If a *whole number* is divisible by 2 into whole numbers then those numbers are called **even numbers**. Example: **2, 4, 6, 8,** and so on… are even numbers. But, what if you want to find the sum of first n even numbers? What formula will you use to do so?

This article is going to explain to you the method and formula to find that sum and also the **sum of first n even numbers**.

**Related Topic:** Sum of Odd Numbers Formula

Index

**General Formula for Even Numbers**

As we know, the Even numbers are

2, 4, 6, 8, 10, …

If we observe carefully, we can find an Arithmetic Progression Sequence(AP),

Here, the AP can be made into the formula as,

The formula for Even numbers = \(\)2n\(\)

## Sum of Even Numbers

Let us say the sequence of the n even numbers is

=> 2k + 2(k+1) + …… + 2(k+n-1)

From Arithmetic Progression, we know that,

\(S_n = \frac{n}{2}[2a + (n-1)d] \mbox{ OR } \frac{n}{2}[a + l]\)

Where,

\(n\) = no. of terms

\(a\) = First term of the A.P.

\(d\) = Common difference

\(l\) = Last term

And we know,

Here, a = 2k, d = 2, n = n & l = 2(k+n-1)

So, the sum would be \(S_n = \frac{n}{2}[2(2k) + (n-1)2]\)

= \(S_n = \frac{n}{2}[4k + 2n -2 ]\) = \(S_n = (n)[2k -1 + n]\)

**Sum of **F**irst n Even Numbers**

Lets find the sum of first \(n\) Even numbers: (\(S_n\)).

Therefore, \(S_n = 2 + 4 + 6 + 8 ….+ 2n\)

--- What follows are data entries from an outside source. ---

Lemma sumR_one_two_le {A} (l : list A) f :
  NoDup l -> (forall x, In x l -> f x = 1 \/ f x = 2) ->
  (forall x y, In x l -> In y l -> f x = 2 -> f y = 2 -> x = y) ->
  sumR l f <= INR (length l) + 1.
Proof.
  induction 1 as [|x l Hx Hnd IH]; intros H12 Hunique; cbn [sumR length]; [simpl; lra|].
  rewrite S_INR.
  destruct (H12 x (in_eq x l)) as [Hf|Hf].
  - assert (sumR l f <= INR (length l) + 1); [|lra].
    apply IH; intros; [apply H12|apply Hunique]; auto using in_cons.
  - assert (sumR l f <= sumR l (fun _ => 1)); [|rewrite sumR_const in *; lra].
    apply sumR_le; intros y Hy.
    destruct (H12 y (in_cons x y l Hy)) as [E|E]; [lra|].
    exfalso. apply Hx. rewrite (Hunique x y); auto using in_eq, in_cons.
Qed.

Lemma NoDup_list_prod {A B} (l1 : list A) (l2 : list B) :
  NoDup l1 -> NoDup l2 -> NoDup (list_prod l1 l2).
Proof.
  intros H1 H2. induction H1 as [|x l1 Hx _ IH]; cbn; [constructor|].
  apply NoDup_app; [|exact IH|].
  - apply Injective_map_NoDup; [|exact H2]. intros y y' E. now injection E.
  - intros [a b] Hab Hin. apply in_map_iff in Hab as (y & E & _). injection E as <- _.
    apply in_prod_iff in Hin as [? _]. contradiction.
Qed.

Lemma sum_f_R0_sumR f m : sum_f_R0 f m = sumR (seq 0 (S m)) f.
Proof.
  induction m; cbn [sum_f_R0]; [cbn; ring|].
  rewrite IHm, (seq_S (S m)), sumR_app. cbn. ring.
Qed.

Lemma sumR_seq_alternating (g : nat -> R) m :
  (forall k, g k + g (S k) = 1) -> sumR (seq 0 (2 * m)) g = INR m.
Proof.
  intros Hg. induction m; [reflexivity|].
  replace (2 * S m)%nat with (2 * m + 2)%nat by lia.
  rewrite seq_app, sumR_app, IHm, S_INR; cbn [seq sumR Nat.add].
  specialize (Hg (2 * m)%nat). lra.
Qed.

Lemma ind_true (P : Prop) : P -> Defs.ind P = 1.
Proof. intros H. unfold Defs.ind. destruct (excluded_middle_informative P); tauto. Qed.

Lemma ind_false (P : Prop) : ~ P -> Defs.ind P = 0.
Proof. intros H. unfold Defs.ind. destruct (excluded_middle_informative P); tauto. Qed.

Lemma ind_nonneg (P : Prop) : 0 <= Defs.ind P.
Proof. unfold Defs.ind. destruct (excluded_middle_informative P); lra. Qed.

Lemma ind_bool b : Defs.ind (b = true) = if b then 1 else 0.
Proof. destruct b; [apply ind_true; reflexivity|apply ind_false; discriminate]. Qed.

Lemma ind_and (P Q : Prop) : Defs.ind (P /\ Q) = Defs.ind P * Defs.ind Q.
Proof.
  destruct (classic P) as [HP|HP]; [destruct (classic Q) as [HQ|HQ]|].
  - rewrite !ind_true by tauto. ring.
  - rewrite (ind_false (P /\ Q)), (ind_false Q) by tauto. ring.
  - rewrite (ind_false (P /\ Q)), (ind_false P) by tauto. ring.
Qed.

(** * The grid *)

Definition vadd (u d : vtx) : vtx := (fst u + fst d, snd u + snd d)%Z.
Definition vsub (u d : vtx) : vtx := (fst u - fst d, snd u - snd d)%Z.

Lemma vsub_vadd u d : vsub (vadd u d) d = u.
Proof. destruct u, d; unfold vadd, vsub; cbn; f_equal; ring. Qed.

Lemma vadd_vsub u c : vadd u (vsub c u) = c.
Proof. destruct u, c; unfold vadd, vsub; cbn; f_equal; ring. Qed.

Lemma vsub_vsub c d : vsub c (vsub c d) = d.
Proof. destruct c, d; unfold vsub; cbn; f_equal; ring. Qed.

Lemma vsub_inj_l u c1 c2 : vsub c1 u = vsub c2 u -> c1 = c2.
Proof. intros E. rewrite <- (vadd_vsub u c1), <- (vadd_vsub u c2), E. reflexivity. Qed.

Lemma vsub_inj_r c d1 d2 : vsub c d1 = vsub c d2 -> d1 = d2.
Proof. intros E. rewrite <- (vsub_vsub c d1), <- (vsub_vsub c d2), E. reflexivity. Qed.
(* Let $I\subset\mathbb R$ be an open interval, let $f:I\to\mathbb R$ be continuous and bounded from below, and let $g:\mathrm{Im}(f)\to\mathbb R$ be continuous. The following are equivalent: (1) $f''\le g(f)$ in the viscosity sense on $I$, i.e., for every $x\in I$ and every smooth $\varphi$ defined in a neighborhood of $x$ such that $\varphi-f$ has a local maximum at $x$, one has $\varphi''(x)\le g(f(x))$; (2) $f''\le g(f)$ in the sense of distributions on $I$, i.e., $\int f\varphi''\,dx\le\int g(f)\varphi\,dx$ for every $\varphi\in C^\infty_c(I)$ with $\varphi\ge0$; (3) $\overline D^2f(x)\le g(f(x))$ for every $x\in I$.
   Context: $\overline D^2f(x)=\limsup_{h\to0^+}\frac{f(x+h)+f(x-h)-2f(x)}{h^2}$. *)

From Stdlib Require Import Reals.
From Coquelicot Require Import Coquelicot.
Open Scope R_scope.

Definition in_open_interval (a b : Rbar) (x : R) : Prop :=
  Rbar_lt a x /\ Rbar_lt x b.

Definition image_on (a b : Rbar) (f : R -> R) (y : R) : Prop :=
  exists x, in_open_interval a b x /\ y = f x.

Definition smooth_near (phi : R -> R) (x r : R) : Prop :=
  forall (n : nat) (y : R), Rabs (y - x) < r -> ex_derive_n phi n y.

Definition smooth (phi : R -> R) : Prop :=
  forall (n : nat) (y : R), ex_derive_n phi n y.

Definition sym_quot2 (f : R -> R) (x h : R) : R :=
  (f (x + h) + f (x - h) - 2 * f x) / (h ^ 2).

(* Upper second symmetric derivative:
   limsup_{h -> 0+} (f(x+h)+f(x-h)-2f(x))/h^2
   = inf_{delta>0} sup_{0<h<delta} sym_quot2 f x h   (an extended real). *)
Definition upper_D2 (f : R -> R) (x : R) : Rbar :=
  Rbar_glb (fun y : Rbar => exists delta : R, 0 < delta /\
     y = Lub_Rbar (fun z : R => exists h : R, 0 < h < delta /\ z = sym_quot2 f x h)).

Definition viscosity_sub (a b : Rbar) (f g : R -> R) : Prop :=
  forall (x : R) (phi : R -> R), in_open_interval a b x ->
    (exists r, 0 < r /\ smooth_near phi x r) ->
    (exists r, 0 < r /\ forall y, Rabs (y - x) < r -> phi y - f y <= phi x - f x) ->
    Derive_n phi 2 x <= g (f x).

\(S_n = \sum_{i = 1} ^{n} (2i)\)

From Arithmetic Progression, we know that,

\(S_n = \frac{n}{2}[2a + (n-1)d] \mbox{ OR } \frac{n}{2}[a + l]\)

Where,

\(n\) = no. of terms

\(a\) = First term of the A.P.

\(d\) = Common difference

\(l\) = Last term

Here, \(a = 2, d = 2 \mbox{ & } l = 2n\)

Therefore, \(S_n = \frac{n}{2} [a + l]\)

\(S_n = \frac{n}{2} [2 + 2n] = n [1+n]\)

Therefore, \(S_n = n(n+1)\)

For,

- n = 1,
- \(S_1 = 2\) (&)
- \(S_1 = 1 [ 1 + 1] = 2\)

- n = 2,
- \(S_2 = 2 + 4 = 6\) (&)
- \(S_2 = 2[ 1 + 2] = 6\)

- n = 3,
- \(S_3 = 2 + 4 + 6 = 12\) (&)
- \(S_3 = 3[ 1 + 3] = 12\)

- n = 4,
- \(S_4 = 2 + 4 + 6 + 8 = 20\) (&)
- \(S_4 = 4[ 1 + 4] = 20\)

and so on… .

**Solved Examples**

**Question 1.** Find sum of first 50 Even numbers.

**Solution.** \(S_n = n[1 + n]\)

Therefore, \(S_{50} = 50[1 + 50] = 2550\)

**Question 2.** Find the sum of Even number between 50 & 100.

**Solution.** \(S_n = n[1 + n]\)

Therefore, sum of Even number between 50 & 100 = \(S_{50} – S_{25}\)

[Because there are 25 Even number in 1 to 50 & 50 Even numbers in between 1 to 100]

\(S_{25} = 25[1 + 25] = 650\)

\(S_{50} = 50[1 + 50] = 2550\)

Therefore, sum of Even number between 50 & 100 = 2550 – 650 = 1900.

**FAQs**

**What is the sum of first even Numbers?**Sum of first ‘n’ even numbers: \(S_n = n[n + 1]\)

**What are first ten even numbers?**First 10 even numbers are 2, 4, 6, 8, 10, 12, 14, 16, 18, 20

**What are even numbers?**A whole number that is divisible by 2 into whole numbers then those numbers are Even numbers.

**What is sum of first 20 natural numbers?**\(S_{20} = \frac{n(n + 1)}{2} = \frac{20(20 + 1)}{2} = 210\).